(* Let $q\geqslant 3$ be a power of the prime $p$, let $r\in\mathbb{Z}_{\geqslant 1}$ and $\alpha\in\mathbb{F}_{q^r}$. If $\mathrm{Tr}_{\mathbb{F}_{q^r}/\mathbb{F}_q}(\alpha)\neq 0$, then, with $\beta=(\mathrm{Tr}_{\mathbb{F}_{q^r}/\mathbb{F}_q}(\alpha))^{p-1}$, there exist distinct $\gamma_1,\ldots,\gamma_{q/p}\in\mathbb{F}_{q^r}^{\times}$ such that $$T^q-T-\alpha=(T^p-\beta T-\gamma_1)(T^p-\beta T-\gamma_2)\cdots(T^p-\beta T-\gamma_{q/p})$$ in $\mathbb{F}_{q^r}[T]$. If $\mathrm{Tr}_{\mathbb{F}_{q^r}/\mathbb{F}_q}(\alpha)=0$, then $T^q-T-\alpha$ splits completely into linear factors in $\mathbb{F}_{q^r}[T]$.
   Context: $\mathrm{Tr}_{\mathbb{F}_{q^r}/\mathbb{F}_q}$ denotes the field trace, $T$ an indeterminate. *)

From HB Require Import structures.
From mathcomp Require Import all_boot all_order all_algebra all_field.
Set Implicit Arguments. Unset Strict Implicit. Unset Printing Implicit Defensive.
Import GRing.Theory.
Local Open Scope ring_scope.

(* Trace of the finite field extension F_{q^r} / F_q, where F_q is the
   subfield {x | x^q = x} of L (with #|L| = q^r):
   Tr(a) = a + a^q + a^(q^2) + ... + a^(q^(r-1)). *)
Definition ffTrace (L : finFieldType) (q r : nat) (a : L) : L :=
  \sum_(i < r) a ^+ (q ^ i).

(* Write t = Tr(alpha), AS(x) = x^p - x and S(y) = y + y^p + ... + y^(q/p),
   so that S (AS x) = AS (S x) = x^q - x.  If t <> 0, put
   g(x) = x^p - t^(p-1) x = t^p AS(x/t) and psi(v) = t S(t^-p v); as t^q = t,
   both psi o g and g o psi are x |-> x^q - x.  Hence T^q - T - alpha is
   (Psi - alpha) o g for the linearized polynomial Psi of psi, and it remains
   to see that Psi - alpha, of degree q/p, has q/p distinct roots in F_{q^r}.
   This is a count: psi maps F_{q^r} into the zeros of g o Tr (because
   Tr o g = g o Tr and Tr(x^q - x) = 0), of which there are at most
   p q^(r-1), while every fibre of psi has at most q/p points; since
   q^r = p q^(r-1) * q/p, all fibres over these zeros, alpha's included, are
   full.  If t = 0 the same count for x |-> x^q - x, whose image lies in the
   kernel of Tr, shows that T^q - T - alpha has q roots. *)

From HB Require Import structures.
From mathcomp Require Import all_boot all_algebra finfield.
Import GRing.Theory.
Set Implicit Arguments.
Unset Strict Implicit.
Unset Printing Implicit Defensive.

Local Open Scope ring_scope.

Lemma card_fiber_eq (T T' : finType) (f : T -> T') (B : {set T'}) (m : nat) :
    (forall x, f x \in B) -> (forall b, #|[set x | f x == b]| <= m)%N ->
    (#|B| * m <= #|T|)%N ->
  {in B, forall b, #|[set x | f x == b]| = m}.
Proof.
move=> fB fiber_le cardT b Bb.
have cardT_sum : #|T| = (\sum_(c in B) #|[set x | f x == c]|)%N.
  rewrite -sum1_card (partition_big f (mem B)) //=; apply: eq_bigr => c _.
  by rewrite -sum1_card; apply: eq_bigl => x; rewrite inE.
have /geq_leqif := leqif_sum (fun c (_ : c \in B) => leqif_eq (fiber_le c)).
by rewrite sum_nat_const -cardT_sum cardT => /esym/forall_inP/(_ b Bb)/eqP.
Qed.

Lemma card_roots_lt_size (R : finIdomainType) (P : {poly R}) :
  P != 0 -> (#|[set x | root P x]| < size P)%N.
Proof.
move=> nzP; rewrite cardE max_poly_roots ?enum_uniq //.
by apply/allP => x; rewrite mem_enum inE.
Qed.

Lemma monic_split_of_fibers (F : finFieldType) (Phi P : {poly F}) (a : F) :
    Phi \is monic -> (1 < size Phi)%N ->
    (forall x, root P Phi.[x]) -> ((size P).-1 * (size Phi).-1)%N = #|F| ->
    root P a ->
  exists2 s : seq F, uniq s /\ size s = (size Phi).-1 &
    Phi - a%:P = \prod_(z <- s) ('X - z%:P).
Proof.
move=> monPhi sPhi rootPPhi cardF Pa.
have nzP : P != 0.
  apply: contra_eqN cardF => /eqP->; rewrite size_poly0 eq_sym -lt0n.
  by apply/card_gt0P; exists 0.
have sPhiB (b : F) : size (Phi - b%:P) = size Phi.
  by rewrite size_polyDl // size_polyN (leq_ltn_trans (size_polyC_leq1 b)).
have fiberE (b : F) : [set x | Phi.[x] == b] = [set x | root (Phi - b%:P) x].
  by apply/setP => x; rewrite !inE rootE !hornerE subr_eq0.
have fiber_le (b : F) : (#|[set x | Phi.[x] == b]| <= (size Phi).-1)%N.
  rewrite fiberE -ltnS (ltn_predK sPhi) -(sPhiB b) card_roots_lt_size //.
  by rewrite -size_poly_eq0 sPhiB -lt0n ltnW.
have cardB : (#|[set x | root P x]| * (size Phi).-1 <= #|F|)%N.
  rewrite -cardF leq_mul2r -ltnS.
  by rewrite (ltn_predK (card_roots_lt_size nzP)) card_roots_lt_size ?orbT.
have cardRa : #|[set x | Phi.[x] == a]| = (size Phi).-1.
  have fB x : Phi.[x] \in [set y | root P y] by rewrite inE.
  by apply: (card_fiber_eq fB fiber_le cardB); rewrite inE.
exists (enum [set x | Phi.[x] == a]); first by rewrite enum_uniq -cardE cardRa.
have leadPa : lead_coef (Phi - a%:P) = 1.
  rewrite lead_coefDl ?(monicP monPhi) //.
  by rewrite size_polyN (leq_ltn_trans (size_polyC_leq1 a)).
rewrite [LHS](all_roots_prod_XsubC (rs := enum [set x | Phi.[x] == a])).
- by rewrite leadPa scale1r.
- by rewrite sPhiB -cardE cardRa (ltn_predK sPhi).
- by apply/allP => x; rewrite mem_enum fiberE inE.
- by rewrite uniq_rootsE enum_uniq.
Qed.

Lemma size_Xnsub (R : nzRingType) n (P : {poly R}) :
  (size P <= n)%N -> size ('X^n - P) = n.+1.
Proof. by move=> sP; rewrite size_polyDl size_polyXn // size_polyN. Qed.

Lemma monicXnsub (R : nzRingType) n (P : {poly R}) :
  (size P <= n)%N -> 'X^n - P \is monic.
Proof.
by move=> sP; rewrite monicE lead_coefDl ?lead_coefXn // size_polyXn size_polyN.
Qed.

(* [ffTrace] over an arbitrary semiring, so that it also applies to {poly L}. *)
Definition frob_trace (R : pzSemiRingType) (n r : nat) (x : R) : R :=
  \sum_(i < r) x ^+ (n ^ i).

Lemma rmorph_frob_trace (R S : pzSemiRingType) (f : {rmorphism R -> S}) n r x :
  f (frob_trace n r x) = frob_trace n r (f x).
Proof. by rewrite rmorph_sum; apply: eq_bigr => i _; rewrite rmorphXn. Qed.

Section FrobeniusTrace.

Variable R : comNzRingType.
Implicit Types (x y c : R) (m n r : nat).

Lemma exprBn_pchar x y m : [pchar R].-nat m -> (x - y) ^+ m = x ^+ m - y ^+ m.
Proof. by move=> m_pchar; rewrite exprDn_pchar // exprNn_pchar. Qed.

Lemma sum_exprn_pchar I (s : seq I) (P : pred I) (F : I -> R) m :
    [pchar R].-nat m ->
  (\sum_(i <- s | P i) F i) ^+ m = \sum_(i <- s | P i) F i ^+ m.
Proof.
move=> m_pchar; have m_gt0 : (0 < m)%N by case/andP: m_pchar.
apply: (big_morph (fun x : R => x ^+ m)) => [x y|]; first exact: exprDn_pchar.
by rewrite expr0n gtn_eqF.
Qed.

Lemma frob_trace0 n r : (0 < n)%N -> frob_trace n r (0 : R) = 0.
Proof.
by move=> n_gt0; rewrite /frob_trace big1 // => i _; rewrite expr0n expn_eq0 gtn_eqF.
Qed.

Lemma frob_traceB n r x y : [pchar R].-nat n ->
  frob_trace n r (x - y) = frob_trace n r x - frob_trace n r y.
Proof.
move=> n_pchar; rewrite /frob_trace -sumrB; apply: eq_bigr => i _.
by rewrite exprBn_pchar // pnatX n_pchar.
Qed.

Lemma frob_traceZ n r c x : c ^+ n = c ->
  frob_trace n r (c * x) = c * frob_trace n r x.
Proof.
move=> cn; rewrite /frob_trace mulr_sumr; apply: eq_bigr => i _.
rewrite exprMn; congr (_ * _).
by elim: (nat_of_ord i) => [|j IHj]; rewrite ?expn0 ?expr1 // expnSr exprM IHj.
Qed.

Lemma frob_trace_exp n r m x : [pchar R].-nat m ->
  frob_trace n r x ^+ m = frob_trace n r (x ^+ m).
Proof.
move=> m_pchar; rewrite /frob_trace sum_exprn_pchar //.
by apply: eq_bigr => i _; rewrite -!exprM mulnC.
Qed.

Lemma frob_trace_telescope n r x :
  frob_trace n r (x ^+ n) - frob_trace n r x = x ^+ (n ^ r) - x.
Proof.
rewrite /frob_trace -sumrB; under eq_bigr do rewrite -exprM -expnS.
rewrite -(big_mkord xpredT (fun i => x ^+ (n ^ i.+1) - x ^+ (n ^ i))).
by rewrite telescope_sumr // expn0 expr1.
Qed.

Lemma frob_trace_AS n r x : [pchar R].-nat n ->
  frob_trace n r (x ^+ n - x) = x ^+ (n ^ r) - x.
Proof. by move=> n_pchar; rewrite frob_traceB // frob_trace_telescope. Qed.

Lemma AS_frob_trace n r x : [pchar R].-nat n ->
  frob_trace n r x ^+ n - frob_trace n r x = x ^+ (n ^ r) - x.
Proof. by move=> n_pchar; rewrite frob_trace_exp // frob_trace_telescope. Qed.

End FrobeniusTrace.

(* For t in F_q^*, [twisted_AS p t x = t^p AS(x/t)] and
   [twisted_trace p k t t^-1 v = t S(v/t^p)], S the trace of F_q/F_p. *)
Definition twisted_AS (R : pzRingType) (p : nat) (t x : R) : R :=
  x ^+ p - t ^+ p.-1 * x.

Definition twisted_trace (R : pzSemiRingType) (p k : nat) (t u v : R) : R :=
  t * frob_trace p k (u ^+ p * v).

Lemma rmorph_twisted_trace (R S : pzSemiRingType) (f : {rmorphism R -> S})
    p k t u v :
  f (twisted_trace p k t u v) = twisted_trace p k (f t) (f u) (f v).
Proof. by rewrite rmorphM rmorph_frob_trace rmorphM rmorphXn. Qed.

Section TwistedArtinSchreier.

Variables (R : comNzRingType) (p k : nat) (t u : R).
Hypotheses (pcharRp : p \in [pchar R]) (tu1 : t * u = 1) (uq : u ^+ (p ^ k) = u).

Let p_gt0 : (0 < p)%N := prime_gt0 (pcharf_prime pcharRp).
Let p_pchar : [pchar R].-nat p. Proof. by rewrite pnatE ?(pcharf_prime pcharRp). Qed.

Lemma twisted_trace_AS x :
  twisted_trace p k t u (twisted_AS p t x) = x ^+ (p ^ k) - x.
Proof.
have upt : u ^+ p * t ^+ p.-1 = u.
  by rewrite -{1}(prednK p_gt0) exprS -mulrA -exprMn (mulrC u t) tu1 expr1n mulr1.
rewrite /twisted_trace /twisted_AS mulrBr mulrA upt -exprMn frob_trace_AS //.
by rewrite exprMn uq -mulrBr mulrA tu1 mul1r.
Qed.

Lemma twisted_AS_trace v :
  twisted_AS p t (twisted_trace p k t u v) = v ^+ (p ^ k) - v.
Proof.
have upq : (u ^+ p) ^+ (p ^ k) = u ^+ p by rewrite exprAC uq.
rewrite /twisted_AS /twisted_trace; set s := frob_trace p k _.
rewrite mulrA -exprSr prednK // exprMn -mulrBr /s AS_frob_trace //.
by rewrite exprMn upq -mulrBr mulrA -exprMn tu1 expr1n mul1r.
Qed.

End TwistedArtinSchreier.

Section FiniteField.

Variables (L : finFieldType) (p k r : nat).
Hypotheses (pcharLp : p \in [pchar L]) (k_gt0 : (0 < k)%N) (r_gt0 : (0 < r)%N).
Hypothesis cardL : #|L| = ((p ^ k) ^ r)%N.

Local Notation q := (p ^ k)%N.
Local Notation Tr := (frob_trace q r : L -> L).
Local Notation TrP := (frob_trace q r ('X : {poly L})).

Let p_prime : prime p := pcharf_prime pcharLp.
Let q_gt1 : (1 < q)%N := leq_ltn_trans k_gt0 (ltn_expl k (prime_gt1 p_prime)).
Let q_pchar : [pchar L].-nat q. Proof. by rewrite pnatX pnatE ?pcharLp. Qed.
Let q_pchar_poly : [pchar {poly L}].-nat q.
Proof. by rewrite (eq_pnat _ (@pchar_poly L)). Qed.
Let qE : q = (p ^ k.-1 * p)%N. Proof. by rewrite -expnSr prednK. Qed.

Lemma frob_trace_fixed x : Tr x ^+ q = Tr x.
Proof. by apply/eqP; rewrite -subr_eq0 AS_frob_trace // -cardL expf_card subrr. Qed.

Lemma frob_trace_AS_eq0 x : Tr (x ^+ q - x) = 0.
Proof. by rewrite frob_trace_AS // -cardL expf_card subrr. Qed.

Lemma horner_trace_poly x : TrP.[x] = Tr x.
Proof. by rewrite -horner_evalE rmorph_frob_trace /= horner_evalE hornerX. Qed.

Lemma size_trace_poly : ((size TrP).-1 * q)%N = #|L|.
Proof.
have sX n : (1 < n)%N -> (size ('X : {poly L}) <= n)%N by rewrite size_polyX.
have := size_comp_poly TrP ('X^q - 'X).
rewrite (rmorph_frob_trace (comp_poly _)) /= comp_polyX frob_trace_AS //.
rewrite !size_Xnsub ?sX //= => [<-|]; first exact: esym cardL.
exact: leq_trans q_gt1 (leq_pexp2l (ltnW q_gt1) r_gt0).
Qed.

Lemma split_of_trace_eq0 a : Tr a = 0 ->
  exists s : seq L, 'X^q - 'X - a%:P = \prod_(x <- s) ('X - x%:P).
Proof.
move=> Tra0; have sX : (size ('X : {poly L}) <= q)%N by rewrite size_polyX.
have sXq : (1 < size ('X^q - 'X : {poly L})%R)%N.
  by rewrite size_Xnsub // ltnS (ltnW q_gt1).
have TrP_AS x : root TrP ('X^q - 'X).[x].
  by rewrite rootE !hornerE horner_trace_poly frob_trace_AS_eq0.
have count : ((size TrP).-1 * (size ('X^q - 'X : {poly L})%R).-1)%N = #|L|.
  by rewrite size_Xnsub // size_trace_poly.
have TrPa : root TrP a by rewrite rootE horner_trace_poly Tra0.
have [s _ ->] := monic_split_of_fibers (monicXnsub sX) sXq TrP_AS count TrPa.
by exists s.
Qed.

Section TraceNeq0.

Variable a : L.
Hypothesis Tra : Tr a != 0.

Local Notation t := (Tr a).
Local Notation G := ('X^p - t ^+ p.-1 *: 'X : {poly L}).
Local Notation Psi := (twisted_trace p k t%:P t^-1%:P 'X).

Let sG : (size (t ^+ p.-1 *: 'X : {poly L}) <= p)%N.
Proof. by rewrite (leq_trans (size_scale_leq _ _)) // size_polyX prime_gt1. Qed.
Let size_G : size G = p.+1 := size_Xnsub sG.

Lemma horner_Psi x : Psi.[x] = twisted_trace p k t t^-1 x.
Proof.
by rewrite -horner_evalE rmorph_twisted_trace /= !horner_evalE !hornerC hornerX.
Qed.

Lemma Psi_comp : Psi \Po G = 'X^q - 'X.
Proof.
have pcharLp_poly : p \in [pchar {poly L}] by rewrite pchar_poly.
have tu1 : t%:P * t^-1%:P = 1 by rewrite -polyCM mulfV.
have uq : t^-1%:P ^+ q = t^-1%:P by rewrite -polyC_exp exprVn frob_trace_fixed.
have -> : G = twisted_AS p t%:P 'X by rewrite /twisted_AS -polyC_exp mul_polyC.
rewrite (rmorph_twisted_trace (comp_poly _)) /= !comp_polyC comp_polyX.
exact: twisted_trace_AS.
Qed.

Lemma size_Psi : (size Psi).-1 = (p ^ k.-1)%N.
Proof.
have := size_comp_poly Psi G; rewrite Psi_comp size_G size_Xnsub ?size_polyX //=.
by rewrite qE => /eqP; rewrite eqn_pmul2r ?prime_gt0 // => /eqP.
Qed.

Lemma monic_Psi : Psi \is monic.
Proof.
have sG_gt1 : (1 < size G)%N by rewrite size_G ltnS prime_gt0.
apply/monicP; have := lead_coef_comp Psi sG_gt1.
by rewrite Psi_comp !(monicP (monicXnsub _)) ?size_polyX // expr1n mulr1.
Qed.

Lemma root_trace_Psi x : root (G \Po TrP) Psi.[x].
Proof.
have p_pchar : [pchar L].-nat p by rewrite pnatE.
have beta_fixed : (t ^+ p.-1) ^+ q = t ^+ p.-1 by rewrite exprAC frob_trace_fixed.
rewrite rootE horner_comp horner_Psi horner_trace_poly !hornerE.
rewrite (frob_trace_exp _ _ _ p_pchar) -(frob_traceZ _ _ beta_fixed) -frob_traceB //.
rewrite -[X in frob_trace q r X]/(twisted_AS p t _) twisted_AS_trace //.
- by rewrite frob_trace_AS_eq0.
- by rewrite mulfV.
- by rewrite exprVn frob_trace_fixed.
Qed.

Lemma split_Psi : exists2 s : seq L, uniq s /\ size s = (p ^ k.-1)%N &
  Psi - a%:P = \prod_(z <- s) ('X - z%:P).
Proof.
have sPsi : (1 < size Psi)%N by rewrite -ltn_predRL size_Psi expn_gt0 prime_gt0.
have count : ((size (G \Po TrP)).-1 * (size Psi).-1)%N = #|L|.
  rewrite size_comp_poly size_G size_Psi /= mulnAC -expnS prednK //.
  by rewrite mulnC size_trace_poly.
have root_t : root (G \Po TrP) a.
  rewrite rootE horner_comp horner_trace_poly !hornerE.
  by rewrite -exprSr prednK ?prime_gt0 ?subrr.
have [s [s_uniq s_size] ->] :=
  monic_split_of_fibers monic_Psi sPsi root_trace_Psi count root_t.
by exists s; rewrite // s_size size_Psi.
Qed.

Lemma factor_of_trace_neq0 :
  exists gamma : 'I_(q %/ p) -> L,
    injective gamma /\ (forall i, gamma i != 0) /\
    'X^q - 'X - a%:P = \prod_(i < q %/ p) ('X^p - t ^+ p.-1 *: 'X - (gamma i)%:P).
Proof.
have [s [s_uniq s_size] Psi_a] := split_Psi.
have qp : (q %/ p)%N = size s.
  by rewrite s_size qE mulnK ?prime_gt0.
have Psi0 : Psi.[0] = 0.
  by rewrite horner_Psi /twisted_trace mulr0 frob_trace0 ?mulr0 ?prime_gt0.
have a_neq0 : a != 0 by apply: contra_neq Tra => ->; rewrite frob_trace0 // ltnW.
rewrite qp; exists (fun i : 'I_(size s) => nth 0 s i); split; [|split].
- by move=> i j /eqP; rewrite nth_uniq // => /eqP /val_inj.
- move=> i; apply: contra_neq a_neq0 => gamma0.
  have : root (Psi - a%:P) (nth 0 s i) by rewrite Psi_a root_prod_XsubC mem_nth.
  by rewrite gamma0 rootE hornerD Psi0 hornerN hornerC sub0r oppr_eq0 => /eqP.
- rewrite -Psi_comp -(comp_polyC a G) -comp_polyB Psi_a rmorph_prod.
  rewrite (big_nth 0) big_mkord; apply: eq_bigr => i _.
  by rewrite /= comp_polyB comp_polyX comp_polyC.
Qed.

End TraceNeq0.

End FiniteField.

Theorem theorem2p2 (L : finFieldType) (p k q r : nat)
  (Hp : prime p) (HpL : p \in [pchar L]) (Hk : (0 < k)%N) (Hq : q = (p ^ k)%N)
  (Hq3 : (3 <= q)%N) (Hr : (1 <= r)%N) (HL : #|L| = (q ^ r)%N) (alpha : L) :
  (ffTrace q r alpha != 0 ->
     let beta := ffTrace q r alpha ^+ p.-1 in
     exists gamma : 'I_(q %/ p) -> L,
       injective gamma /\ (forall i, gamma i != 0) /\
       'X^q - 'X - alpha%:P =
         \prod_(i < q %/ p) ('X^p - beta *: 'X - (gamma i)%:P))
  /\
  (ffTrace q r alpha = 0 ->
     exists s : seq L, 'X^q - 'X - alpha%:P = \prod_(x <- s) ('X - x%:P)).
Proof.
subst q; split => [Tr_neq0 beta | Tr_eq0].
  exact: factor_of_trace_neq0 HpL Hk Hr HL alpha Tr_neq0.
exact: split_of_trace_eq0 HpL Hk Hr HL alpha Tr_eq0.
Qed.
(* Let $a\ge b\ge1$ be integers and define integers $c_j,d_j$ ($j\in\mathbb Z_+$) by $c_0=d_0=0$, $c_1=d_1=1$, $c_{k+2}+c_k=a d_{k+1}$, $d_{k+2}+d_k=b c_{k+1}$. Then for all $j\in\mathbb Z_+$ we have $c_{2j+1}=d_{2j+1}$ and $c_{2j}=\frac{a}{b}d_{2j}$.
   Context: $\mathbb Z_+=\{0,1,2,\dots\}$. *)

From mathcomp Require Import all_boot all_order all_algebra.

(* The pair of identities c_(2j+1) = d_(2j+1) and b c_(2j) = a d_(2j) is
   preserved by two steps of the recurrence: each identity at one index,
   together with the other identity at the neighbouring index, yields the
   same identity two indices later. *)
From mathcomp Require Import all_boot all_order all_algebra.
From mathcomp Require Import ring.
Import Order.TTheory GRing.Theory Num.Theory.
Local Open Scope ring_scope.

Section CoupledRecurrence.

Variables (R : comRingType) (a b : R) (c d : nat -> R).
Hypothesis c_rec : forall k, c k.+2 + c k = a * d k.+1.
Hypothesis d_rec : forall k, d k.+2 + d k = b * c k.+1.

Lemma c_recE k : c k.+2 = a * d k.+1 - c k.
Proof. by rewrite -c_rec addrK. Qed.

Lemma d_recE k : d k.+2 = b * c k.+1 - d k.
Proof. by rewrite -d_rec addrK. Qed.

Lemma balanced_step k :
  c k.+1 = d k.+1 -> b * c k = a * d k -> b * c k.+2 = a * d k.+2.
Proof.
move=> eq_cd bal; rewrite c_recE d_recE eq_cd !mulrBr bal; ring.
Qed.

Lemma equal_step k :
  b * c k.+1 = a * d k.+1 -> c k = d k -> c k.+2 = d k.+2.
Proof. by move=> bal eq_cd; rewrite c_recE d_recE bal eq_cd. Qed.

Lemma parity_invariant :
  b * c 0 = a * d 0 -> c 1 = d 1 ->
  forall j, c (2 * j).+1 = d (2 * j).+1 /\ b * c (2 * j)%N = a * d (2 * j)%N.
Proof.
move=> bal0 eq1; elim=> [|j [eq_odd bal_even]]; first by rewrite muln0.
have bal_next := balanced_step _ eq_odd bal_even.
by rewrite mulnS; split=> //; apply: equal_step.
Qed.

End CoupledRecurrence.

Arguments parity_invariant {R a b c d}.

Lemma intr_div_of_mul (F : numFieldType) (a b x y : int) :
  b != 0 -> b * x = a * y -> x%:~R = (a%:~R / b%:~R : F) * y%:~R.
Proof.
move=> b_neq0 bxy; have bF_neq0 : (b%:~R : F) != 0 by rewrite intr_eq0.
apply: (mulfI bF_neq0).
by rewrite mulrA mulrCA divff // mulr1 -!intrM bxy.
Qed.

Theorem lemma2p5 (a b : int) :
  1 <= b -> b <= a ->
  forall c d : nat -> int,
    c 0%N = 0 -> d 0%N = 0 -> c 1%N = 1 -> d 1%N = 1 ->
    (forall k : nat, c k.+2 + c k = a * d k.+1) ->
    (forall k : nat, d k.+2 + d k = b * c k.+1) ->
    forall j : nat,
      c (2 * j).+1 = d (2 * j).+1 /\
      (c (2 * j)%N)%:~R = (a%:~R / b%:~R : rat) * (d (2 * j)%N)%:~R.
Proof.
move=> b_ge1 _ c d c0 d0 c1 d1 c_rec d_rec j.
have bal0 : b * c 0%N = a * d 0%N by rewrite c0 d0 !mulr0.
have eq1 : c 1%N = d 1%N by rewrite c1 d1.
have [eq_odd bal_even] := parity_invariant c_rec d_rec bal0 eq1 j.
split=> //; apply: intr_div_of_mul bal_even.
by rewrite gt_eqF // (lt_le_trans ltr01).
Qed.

+ + + + +

— WHAT TO WORK ON —
Output should match, line for line, the stretch of the material above from the line holding "rewrite !size_Xnsub ?sX" through the line holding "by rewrite size_Xnsub // ltnS (ltnW q_gt1).".

— OUTPUT FOR THIS TASK —
rewrite !size_Xnsub ?sX //= => [<-|]; first exact: esym cardL.
exact: leq_trans q_gt1 (leq_pexp2l (ltnW q_gt1) r_gt0).
Qed.

Lemma split_of_trace_eq0 a : Tr a = 0 ->
  exists s : seq L, 'X^q - 'X - a%:P = \prod_(x <- s) ('X - x%:P).
Proof.
move=> Tra0; have sX : (size ('X : {poly L}) <= q)%N by rewrite size_polyX.
have sXq : (1 < size ('X^q - 'X : {poly L})%R)%N.
  by rewrite size_Xnsub // ltnS (ltnW q_gt1).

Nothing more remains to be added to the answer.